**WORK ORDER:** As soon as the line containing "g w (move K r i j) < g" appears, copy it and every following line word for word until the records end.

++++ GIVEN RECORDS ++++

(* Consider the CCDE setting described in the context, with user set $V$, core $\mathscr{R}^*_{\mathrm{CO}}(V)$, fundamental partition $\mathcal{P}^*$ (with $|\mathcal{P}^*|\ge2$), $K=|\mathcal{P}^*|-1$, $\mathbb{Q}_K=\{z/K:z\in\mathbb{Z}\}$, weights $w_V\in\mathbb{R}_{>0}^{|V|}$ and $g(r_V)=\sum_{i\in V}r_i^2/w_i$. Run the following steepest descent algorithm (SDA): start from any $r^{(0)}_V\in\mathscr{R}^*_{\mathrm{CO}}(V)\cap\mathbb{Q}_K^{|V|}$ and set $n=0$; repeat: (1) for each $i\in V$, let $\mathrm{dep}(r^{(n)}_V,i)$ be the minimal (inclusion-wise smallest) minimizer of $\min\{f_{R_{\mathrm{CO}}}(X)-r^{(n)}(X): i\in X\subseteq V\}$; (2) let $(i^*,j^* )$ minimize $g\big(r^{(n)}_V+\frac1K(\chi_i-\chi_j)\big)$ over pairs $i,j\in V$ with $j\in\mathrm{dep}(r^{(n)}_V,i)\setminus\{i\}$; (3) if $g\big(r^{(n)}_V+\frac1K(\chi_{i^*}-\chi_{j^*})\big)<g(r^{(n)}_V)$, set $r^{(n+1)}_V=r^{(n)}_V+\frac1K(\chi_{i^*}-\chi_{j^*})$ and $n\leftarrow n+1$; otherwise set $r^{(n+1)}_V=r^{(n)}_V$; until $r^{(n+1)}_V=r^{(n)}_V$, and output $r^{(n)}_V$. Then the estimation sequence $\{r^{(n)}_V\}$ generated by the SDA converges to the minimizer $r^*_V$ of $\min\{g(r_V): r_V\in\mathscr{R}^*_{\mathrm{CO}}(V)\cap\mathbb{Q}_K^{|V|}\}$.
   Context: CCDE setting: there is a finite collection of independent packets, each uniformly distributed over a finite field; each user $i\in V$ ($|V|>1$) observes $Z_i$, a subset of the packets, and entropy is measured in packets, so that for $X\subseteq V$, $H(X)$ is the number of distinct packets observed by users in $X$ (integer-valued). Write $r(X)=\sum_{i\in X}r_i$ and $H(X\mid Y)=H(X\cup Y)-H(Y)$. The achievable region is $\mathscr{R}(V)=\{r_V\in\mathbb{R}^{|V|}: r(X)\ge H(X\mid V\setminus X)\ \forall X\subsetneq V\}$, $R_{\mathrm{CO}}=\min\{r(V): r_V\in\mathscr{R}(V)\}$, and the core is $\mathscr{R}^*_{\mathrm{CO}}(V)=\{r_V\in\mathscr{R}(V): r(V)=R_{\mathrm{CO}}\}$. For $\alpha\in\mathbb{R}$, $f_\alpha(\emptyset)=0$ and $f_\alpha(X)=\alpha-H(V\setminus X\mid X)$ for $X\neq\emptyset$. The fundamental partition $\mathcal{P}^*$ is the finest partition of $V$ minimizing $\sum_{C\in\mathcal{P}}f_{R_{\mathrm{CO}}}(C)$ over partitions $\mathcal{P}$ of $V$. $\chi_i$ is the characteristic vector of $\{i\}$. *)

From HB Require Import structures.
From mathcomp Require Import all_boot all_order all_algebra.
From mathcomp Require Import reals.
Set Implicit Arguments. Unset Strict Implicit. Unset Printing Implicit Defensive.
Import Order.TTheory GRing.Theory Num.Theory.
Local Open Scope ring_scope.

Section CCDE.
Variables (R : realType) (V Pk : finType) (Z : V -> {set Pk}).

(* H(X) = number of distinct packets observed by users in X *)
Definition H (X : {set V}) : nat := #|\bigcup_(i in X) Z i|.

Definition Hc (X Y : {set V}) : R := (H (X :|: Y))%:R - (H Y)%:R.

Definition rsum (r : {ffun V -> R}) (X : {set V}) : R := \sum_(i in X) r i.

Definition achievable (r : {ffun V -> R}) : Prop :=
  forall X : {set V}, X \proper [set: V] -> Hc X (~: X) <= rsum r X.

Definition is_RCO (RCO : R) : Prop :=
  (exists r, achievable r /\ rsum r [set: V] = RCO) /\
  (forall r, achievable r -> RCO <= rsum r [set: V]).

Definition in_core (RCO : R) (r : {ffun V -> R}) : Prop :=
  achievable r /\ rsum r [set: V] = RCO.

Definition f (alpha : R) (X : {set V}) : R :=
  if X == set0 then 0 else alpha - Hc (~: X) X.

Definition fsum (alpha : R) (P : {set {set V}}) : R := \sum_(C in P) f alpha C.

Definition finer (P1 P2 : {set {set V}}) : Prop :=
  forall C, C \in P1 -> exists2 D, D \in P2 & C \subset D.

Definition minimizing_partition (alpha : R) (P : {set {set V}}) : Prop :=
  partition P [set: V] /\
  forall Q, partition Q [set: V] -> fsum alpha P <= fsum alpha Q.

Definition fundamental_partition (RCO : R) (P : {set {set V}}) : Prop :=
  minimizing_partition RCO P /\
  forall Q, minimizing_partition RCO Q -> finer P Q.

Definition in_QK (K : nat) (r : {ffun V -> R}) : Prop :=
  forall i, exists z : int, r i = z%:~R / K%:R.

Definition g (w : {ffun V -> R}) (r : {ffun V -> R}) : R :=
  \sum_(i : V) r i ^+ 2 / w i.

Definition is_dep (RCO : R) (r : {ffun V -> R}) (i : V) (D : {set V}) : Prop :=
  i \in D /\
  (forall X : {set V}, i \in X -> f RCO D - rsum r D <= f RCO X - rsum r X) /\
  (forall X : {set V}, i \in X ->
     f RCO X - rsum r X <= f RCO D - rsum r D -> D \subset X).

Definition move (K : nat) (r : {ffun V -> R}) (i j : V) : {ffun V -> R} :=
  [ffun k => r k + ((k == i)%:R - (k == j)%:R) / K%:R].

Definition admissible (RCO : R) (r : {ffun V -> R}) (i j : V) : Prop :=
  exists D, is_dep RCO r i D /\ j \in D /\ j != i.

(* one iteration of the SDA: r' is a possible r^(n+1) given r = r^(n)
   (ties in step (2) broken arbitrarily) *)
Definition SDA_step (RCO : R) (K : nat) (w : {ffun V -> R})
    (r r' : {ffun V -> R}) : Prop :=
  (exists i j, admissible RCO r i j /\
     (forall i' j', admissible RCO r i' j' ->
        g w (move K r i j) <= g w (move K r i' j')) /\
     g w (move K r i j) < g w r /\ r' = move K r i j)
  \/
  ((forall i' j', admissible RCO r i' j' -> g w r <= g w (move K r i' j')) /\
   r' = r).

++++

**OUTPUT FOR THIS EXERCISE:**
     g w (move K r i j) < g w r /\ r' = move K r i j)
  \/
  ((forall i' j', admissible RCO r i' j' -> g w r <= g w (move K r i' j')) /\
   r' = r).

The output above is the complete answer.